── RECORDS SHOWN ──

Lemma parity_code_class_repair (K : eqType) (key : 'I_ell -> K)
    (D : 'I_ell -> 'I_n -> seq nat) (sg : nat) (H R : {set 'I_n}) x :
  [disjoint H & R] -> (#|H| * sg + #|~: (H :|: R)| <= n - k)%N ->
  (forall tau j, size (D tau j) <= sg)%N ->
  (forall tau tau' j, key tau = key tau' -> j \in H -> digit sm n tau j \in D tau' j) ->
  (forall tau tau' j, key tau = key tau' -> j \notin H ->
     digit sm n tau j = digit sm n tau' j) ->
  (forall tau tau' j, key tau = key tau' -> j \in H ->
     digit sm n tau j = digit sm n tau' j -> tau = tau') ->
  parity_code x ->
  (forall j tau0, j \in R -> \sum_(tau | key tau == key tau0) x j tau = 0) ->
  forall i, i \in H -> row i x = 0.
Proof.
move=> dHR card_HR size_D key_D key_out key_inj x_code helper_sums i iH.
apply/rowP => tau0; rewrite !mxE.
have iNR : i \notin R by rewrite (disjointFr dHR iH).
pose y (p : 'I_n * 'I_ell) :=
  if (key p.2 == key tau0) && (p.1 \notin R) then x p.1 p.2 else 0.
pose z (p : 'I_n * 'I_ell) := symbol p.2 p.1.
pose Z := [seq lambda j e | j : 'I_n <- enum H, e <- D tau0 j] ++
          [seq symbol tau0 j | j : 'I_n in ~: (H :|: R)].
have sizeZ : (size Z <= n - k)%N.
  rewrite size_cat size_allpairs_dep size_image; apply: leq_trans card_HR.
  rewrite leq_add2r cardE; elim: (enum H) => //= j js IHjs.
  by rewrite mulSn leq_add ?size_D.
have suppZ p : y p != 0 -> z p \in Z.
  case: p => j tau; rewrite /y /=.
  case: ifP => [/andP[/eqP eq_key jNR] _|]; last by rewrite eqxx.
  rewrite mem_cat; have [jH|jNH] := boolP (j \in H).
    by apply/orP; left; apply: allpairs_f_dep; rewrite ?mem_enum ?key_D.
  apply/orP; right; rewrite /z /symbol /= (key_out _ _ _ eq_key jNH).
  by apply: image_f; rewrite !inE negb_or jNH.
have power_sums t : (t < n - k)%N -> \sum_p z p ^+ t * y p = 0.
  move=> t_lt; rewrite -(pair_bigA _ (fun j tau => z (j, tau) ^+ t * y (j, tau))) /=.
  have key_R tau j : key tau = key tau0 -> j \in R -> digit sm n tau j = digit sm n tau0 j.
    by move=> eq_key jR; rewrite (key_out _ _ _ eq_key) ?(disjointFl dHR jR).
  rewrite -[RHS](parity_code_class_check (Ordinal t_lt) key_R x_code (helper_sums^~ tau0)).
  rewrite [RHS]big_mkcond; apply: eq_bigr => j _; rewrite /y /=.
  case: (j \in R) => /=; first by apply: big1 => tau _; rewrite andbF mulr0.
  rewrite [RHS]big_mkcond; apply: eq_bigr => tau _.
  by rewrite andbT; case: ifP; rewrite ?mulr0.
have := power_sums_fiber_eq0 sizeZ suppZ power_sums (z (i, tau0)).
rewrite (bigD1 (i, tau0)) //= big1 ?addr0 => [|[j tau] /andP[/= /eqP eq_z neq]].
  by rewrite /y /= eqxx iNR.
rewrite /y /=; case: ifP => // /andP[/eqP eq_key _].
case: (symbol_inj eq_z) => /= eq_j; subst j => eq_digit.
by move: neq; rewrite (key_inj _ _ _ eq_key iH eq_digit) eqxx.
Qed.

End ParityCode.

───

YOUR ASSIGNMENT: Copy back the listing above exactly, but only from the line with "rewrite mem_cat; have" through the line with "have power_sums t", both ends included.

TASK RESULT:
  rewrite mem_cat; have [jH|jNH] := boolP (j \in H).
    by apply/orP; left; apply: allpairs_f_dep; rewrite ?mem_enum ?key_D.
  apply/orP; right; rewrite /z /symbol /= (key_out _ _ _ eq_key jNH).
  by apply: image_f; rewrite !inE negb_or jNH.
have power_sums t : (t < n - k)%N -> \sum_p z p ^+ t * y p = 0.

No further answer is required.